By on October 6, 2011

State highway officials are using their public offices to lend credibility to a public relations front group created by a foreign red light camera company. On September 27, the Governors Highway Safety Association (GHSA) held its annual meeting in Cincinnati, Ohio where it celebrated the “special achievement” of the Traffic Safety Coalition. This group, which is run by a public relations firm retained by the Australian photo enforcement firm Redflex Traffic Systems, accepted the Peter K. O’Rourke Special Achievement Award.

GHSA is a non-profit organization that “receives a substantial part of its support from a governmental unit or from the general public,” according to its tax returns. Its primary members are state transportation officials who use GHSA to lobby on behalf of programs that increase the issuance of traffic tickets.

“In 2010, traffic safety camera programs in Illinois were under assault,” the GHSA notice for the Traffic Safety Coalition award explained. “A small but vocal minority of camera opponents were spreading misinformation to media, decision makers, legislators and the general public. In response, the Traffic Safety Coalition quickly assembled a diverse group of safety advocates to conduct a vast education and advocacy program to show how traffic safety cameras are effective at deterring dangerous and illegal driving behavior… Facing opposition from misinformed members of the public and the state legislature, the Coalition worked to reshape public opinion on traffic safety cameras.”

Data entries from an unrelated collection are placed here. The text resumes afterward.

Lemma dd_contrast_resid a p w lam c d c' d' :
  a \in A -> (a <= p)%N -> (1 <= p <= T)%N ->
  {in later_cohorts A a, forall j, w j = pi j * (c + dotv (theta j) d)} ->
  {in periods_before T p, forall l, lam l = c' + dotv (psi l) d'} ->
  dd_contrast A T w lam a p e = 0.
Proof.
move=> aA ap pT w_dual lam_dual.
have gap_p : cohort_gap A w a e p = 0.
  rewrite /cohort_gap (later_cohorts_resid w_dual pT) e_treated // opprK add0r.
  by rewrite big_seq_cond big1 // => b /andP [bA ba]; rewrite e_treated ?mulr0 //; lia.
have gap_l l : l \in periods_before T p -> cohort_gap A w a e l
    = e a l + \sum_(b <- A | (b <= a)%N) pi b * (c + dotv (theta b) d) * e b l.
  rewrite mem_periods_before => /and3P [l1 lT _].
  by rewrite /cohort_gap (later_cohorts_resid w_dual) ?l1 ?lT // opprK.
rewrite /dd_contrast gap_p sub0r; apply/eqP; rewrite oppr_eq0; apply/eqP.
rewrite (eq_big_seq (fun l => lam l * e a l + \sum_(b <- A | (b <= a)%N)
           pi b * (c + dotv (theta b) d) * (lam l * e b l))) => [|l /gap_l ->].
  rewrite big_split /= (periods_before_resid aA ap lam_dual) add0r exchange_big /=.
  rewrite big_seq_cond big1 // => b /andP [bA ba].
  by rewrite -mulr_sumr (periods_before_resid bA _ lam_dual) ?mulr0 //; lia.
rewrite mulrDr mulr_sumr; congr (_ + _); apply: eq_bigr => b _; ring.
Qed.

End ContrastResidual.

Lemma omega_tilde_dual (R : realFieldType) r (A : seq nat) (pi : nat -> R)
    (theta : nat -> 'rV[R]_r) a astar :
  uniq A -> {in A, forall a, 0 < pi a} -> (a <= astar)%N ->
  affinely_spans (later_cohorts A astar) theta ->
  exists c d,
    affine_weights (later_cohorts A a) theta (theta a) (omega_tilde A pi theta a)
    /\ {in later_cohorts A a, omega_tilde A pi theta a =1 dual_weights pi theta c d}.
Proof.
move=> A_uniq pi_gt0 a_le theta_spans.
have spans : affinely_spans (later_cohorts A a) theta.
  apply: affinely_spans_sub theta_spans; rewrite ?filter_uniq // => j.
  by rewrite !mem_filter => /andP [aj ->]; rewrite andbT (leq_ltn_trans a_le).
have pos : {in later_cohorts A a, forall j, 0 < pi j}.
  by move=> j; rewrite mem_filter => /andP [_ /pi_gt0].
have [c [d [dual_min dual_uniq]]] := min_weights_dual pos spans (theta a).
have tilde_min : is_omega_tilde A pi theta a (omega_tilde A pi theta a).
  exact: epsilon_spec (ex_intro (is_omega_tilde A pi theta a) _ dual_min).
by exists c, d; split; [exact: tilde_min.1 | exact: dual_uniq].
Qed.

Lemma lambda_tilde_dual (R : realFieldType) r T (psi : nat -> 'rV[R]_r) p tstar :
  (tstar <= p)%N -> affinely_spans (periods_before T tstar) psi ->
  exists c d, affine_weights (periods_before T p) psi (psi p) (lambda_tilde T psi p)
    /\ {in periods_before T p, forall l, lambda_tilde T psi p l = c + dotv (psi l) d}.
Proof.
move=> tstar_le psi_spans.
have spans : affinely_spans (periods_before T p) psi.
  apply: affinely_spans_sub psi_spans; rewrite ?filter_uniq ?iota_uniq // => l.
  by rewrite !mem_filter => /andP [lt ->]; rewrite andbT (leq_trans lt).
have [c [d [dual_min dual_uniq]]] :=
  @min_weights_dual _ _ _ (fun _ => 1) _ (fun _ _ => ltr01) spans (psi p).
have min_iff w : is_min_weights (periods_before T p) (fun _ => 1) psi (psi p) w
                 <-> is_lambda_tilde T psi p w.
  have cost1 w' : weight_cost (periods_before T p) (fun _ => 1) w'
                  = \sum_(l <- periods_before T p) w' l ^+ 2.
    by apply: eq_bigr => l _; rewrite divr1.
  by split=> -[w_aff w_min]; split=> // w' /w_min; rewrite !cost1.
have tilde_min : is_lambda_tilde T psi p (lambda_tilde T psi p).
  exact: epsilon_spec (ex_intro _ _ (proj1 (min_iff _) dual_min)).
exists c, d; split; first exact: tilde_min.1.
move=> l /(dual_uniq _ (proj2 (min_iff _) tilde_min)) ->.
by rewrite /dual_weights mul1r.
Qed.

Lemma seq_ols_stepE (R : realFieldType) r (A : seq nat) T (pi : nat -> R)
    (theta psi : nat -> 'rV[R]_r) st a k :
  seq_ols_step A T pi theta psi st (a, k) =
  let x := dd_contrast A T (omega_tilde A pi theta a) (lambda_tilde T psi (a + k))
             a (a + k) st.1 in
  (fun b s => if (b == a) && (s == a + k)%N then st.1 b s - x else st.1 b s,
   fun b m => if (b == a) && (m == k) then x else st.2 b m).
Proof. by []. Qed.

Section SequentialOLS.
Variables (R : realFieldType) (r T : nat) (A : seq nat) (pi : nat -> R).
Variables (Y : nat -> nat -> R) (theta psi : nat -> 'rV[R]_r) (tstar astar : nat).
Hypothesis A_uniq : uniq A.
Hypothesis pi_gt0 : {in A, forall a, 0 < pi a}.
Hypothesis tstar_ge1 : (1 <= tstar)%N.
Hypothesis tstar_le_astar : (tstar <= astar)%N.
Hypothesis astar_leT : (astar <= T)%N.
Hypothesis theta_spans : affinely_spans (later_cohorts A astar) theta.
Hypothesis psi_spans : affinely_spans (periods_before T tstar) psi.
Variables (al be : nat -> R) (ph nu : nat -> 'rV[R]_r) (tau : nat -> nat -> R).
Hypothesis fit_min : is_ols_minimizer A T pi Y theta psi al be ph nu tau.

Let fe b s := al b + be s + dotv (theta b) (ph s) + dotv (nu b) (psi s).
Let e := ols_resid theta psi Y al be ph nu tau.

(* [D b m] marks the cells (b, b + m) whose effect has already been estimated
   and subtracted from the data. *)
Definition seq_ols_inv (D : nat -> nat -> bool)
    (st : (nat -> nat -> R) * (nat -> nat -> R)) : Prop :=
  (forall b s, st.1 b s = if (b <= s)%N && D b (s - b)%N
                          then Y b s - tau b (s - b)%N else Y b s) /\
  (forall b m, D b m -> st.2 b m = tau b m).

Lemma seq_ols_inv_ext D1 D2 st : D1 =2 D2 -> seq_ols_inv D1 st -> seq_ols_inv D2 st.
Proof.
move=> D12 [inv_Y inv_tau].
by split=> b s; rewrite -D12; [apply: inv_Y | apply: inv_tau].
Qed.

Section Step.
Variables (D : nat -> nat -> bool) (st : (nat -> nat -> R) * (nat -> nat -> R)).
Variables (a k : nat).
Hypothesis st_inv : seq_ols_inv D st.
Hypothesis undone : ~~ D a k.
Hypothesis prereq_done : forall b m, b \in A -> (a <= b)%N -> (m < k)%N ->
  (b + m <= a + k)%N -> D b m.

Lemma current_data_decomp b s : b \in A -> (a <= b)%N -> (s <= a + k)%N ->
  st.1 b s = fe b s + e b s + ((b == a) && (s == a + k)%N)%:R * tau a k.
Proof.
move=> bA ab sp; have [inv_Y _] := st_inv.
have Y_split : Y b s = fe b s + e b s + (b <= s)%:R * tau b (s - b)%N.
  by rewrite /e /ols_resid /ols_fit /fe; ring.
rewrite inv_Y Y_split; case: (leqP b s) => [bs|sb] /=; last first.
  have -> : (b == a) && (s == a + k)%N = false.
    by apply/negbTE/andP => -[/eqP ba /eqP sak]; lia.
  by rewrite /=; ring.
have [[-> ->]|cell_ne] := eqVneq (b, s) (a, a + k)%N.
  by rewrite addKn (negbTE undone) !eqxx /=; ring.
have lt_k : (s - b < k)%N.
  by move: cell_ne; rewrite xpair_eqE negb_and => /orP [] /eqP; lia.
rewrite prereq_done //; last lia.
by rewrite -xpair_eqE (negbTE cell_ne) /=; ring.
Qed.

Hypothesis aA : a \in A.
Hypothesis tstar_le_a : (tstar <= a)%N.
Hypothesis ak_le_astar : (a + k <= astar)%N.

(* The contrast only reads cells (b, s) with a <= b and s <= a + k; all of them
   but (a, a + k) have already been corrected, and it annihilates both the
   fixed effects and the residuals. *)
Lemma seq_ols_step_estimate :
  dd_contrast A T (omega_tilde A pi theta a) (lambda_tilde T psi (a + k)) a (a + k) st.1
  = tau a k.
Proof.
have a_le_astar : (a <= astar)%N by lia.
have tstar_le_p : (tstar <= a + k)%N by lia.
have [c [d [[w_aff w_theta] w_dual]]] :=
  omega_tilde_dual A_uniq pi_gt0 a_le_astar theta_spans.
have [c' [d' [[lam_aff lam_psi] lam_dual]]] := lambda_tilde_dual tstar_le_p psi_spans.
rewrite (@eq_dd_contrast _ _ _ _ _ _ _ _ (fun b s =>
           (fe b s + e b s) + ((b == a) && (s == a + k)%N)%:R * tau a k)).
  rewrite 2!dd_contrastD dd_contrast_fixed_effects // dd_contrast_pick.
  rewrite (dd_contrast_resid (ols_resid_treated pi_gt0 A_uniq fit_min)
    (ols_resid_cohort_orth pi_gt0 A_uniq fit_min)
    (ols_resid_period_orth pi_gt0 fit_min) aA _ _ w_dual lam_dual);
    [ring | exact: leq_addr | lia].
move=> b s hb hs; apply: current_data_decomp.
- by case/orP: hb => [/eqP -> //|]; rewrite mem_filter => /andP [].
- by case/orP: hb => [/eqP -> //|]; rewrite mem_filter => /andP [/ltnW].
- by case/orP: hs => [/eqP -> //|]; rewrite mem_periods_before => /and3P [_ _ /ltnW].
Qed.

Lemma seq_ols_step_inv :
  seq_ols_inv (fun b m => D b m || (b == a) && (m == k))
              (seq_ols_step A T pi theta psi st (a, k)).
Proof.
have [inv_Y inv_tau] := st_inv.
rewrite seq_ols_stepE /= seq_ols_step_estimate; split=> b s /=.
  rewrite !inv_Y; case: (eqVneq b a) => [->|_]; rewrite ?orbF //=.
  have [->|ne_s] := eqVneq s (a + k)%N.
    by rewrite addKn leq_addr (negbTE undone) eqxx.
  case: (leqP a s) => // a_s /=.
  rewrite (_ : (s - a == k)%N = false) ?orbF //.
  by apply/negbTE/eqP; move/eqP: ne_s; lia.
move=> /orP [Dbs|/andP [/eqP -> /eqP ->]]; last by rewrite !eqxx.
by case: ifP => [/andP [/eqP -> /eqP ->] //|_]; exact: inv_tau.
Qed.

End Step.

Lemma seq_ols_foldl_inv k (s : seq nat) D st :
  seq_ols_inv D st -> uniq s ->
  {in s, forall a, [/\ a \in A, tstar <= a & a + k <= astar]%N} ->
  {in s, forall a, ~~ D a k} ->
  (forall a b m, a \in s -> b \in A -> (a <= b)%N -> (m < k)%N ->
     (b + m <= a + k)%N -> D b m) ->
  seq_ols_inv (fun b m => D b m || (m == k) && (b \in s))
              (foldl (seq_ols_step A T pi theta psi) st [seq (a, k) | a <- s]).
Proof.
elim: s D st => [|a s IH] D st st_inv /= s_uniq s_range undone prereq_done.
  by apply: seq_ols_inv_ext st_inv => b m; rewrite andbF orbF.
case/andP: s_uniq => a_notin_s s_uniq.
have [aA ta ak] := s_range a (mem_head a s).
have step_inv := seq_ols_step_inv st_inv (undone a (mem_head a s))
  (fun b m => prereq_done a b m (mem_head a s)) aA ta ak.
have s_range' : {in s, forall a', [/\ a' \in A, tstar <= a' & a' + k <= astar]%N}.
  by move=> a' a's; apply: s_range; rewrite in_cons a's orbT.
have undone' : {in s, forall a', ~~ (D a' k || (a' == a) && (k == k))}.
  move=> a' a's; have a'_ne_a : a' != a by apply: contraNneq a_notin_s => <-.
  by rewrite negb_or undone ?in_cons ?a's ?orbT //= (negbTE a'_ne_a).
apply: seq_ols_inv_ext (IH _ _ step_inv s_uniq s_range' undone' _) => [b m|].
  by rewrite in_cons andb_orr orbA (andbC (b == a)).
by move=> a' b m a's *; rewrite (prereq_done a') // in_cons a's orbT.
Qed.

According filings with the Texas Secretary of State, the Traffic Safety Coalition consists of three directors: David Goldenberg, Gregory Goldner and David Smolensky, all of whom are senior staff for Resolute Consulting, a public relations firm based in Chicago, Illinois. Redflex is listed as one of the firm’s satisfied clients.

GHSA’s award material did not disclose the Traffic Safety Coalition’s connection to Redflex. Redflex uses its group to advocate policies that advance its business opportunities through the news media. When comments come from a “coalition” it lends the appearance that the opinions expressed are those of independent, grassroots activists rather than public relations professionals with a direct financial interest in their advocacy.

“At the grassroots level, the Traffic Safety Coalition engaged community members in outreach to legislators and local media outlets, including the Chicago Tribune, Chicago Sun Times, WGN and Daily Herald,” GHSA explained. “It produced printed materials to explain the benefits of automated enforcement and built an interactive website.”

Though GHSA and the Redflex group claim opponents of photo radar constitute a minority, traffic cameras opponents have proved to be an actual majority winning sixteen out of sixteen election contests, often by substantial margins.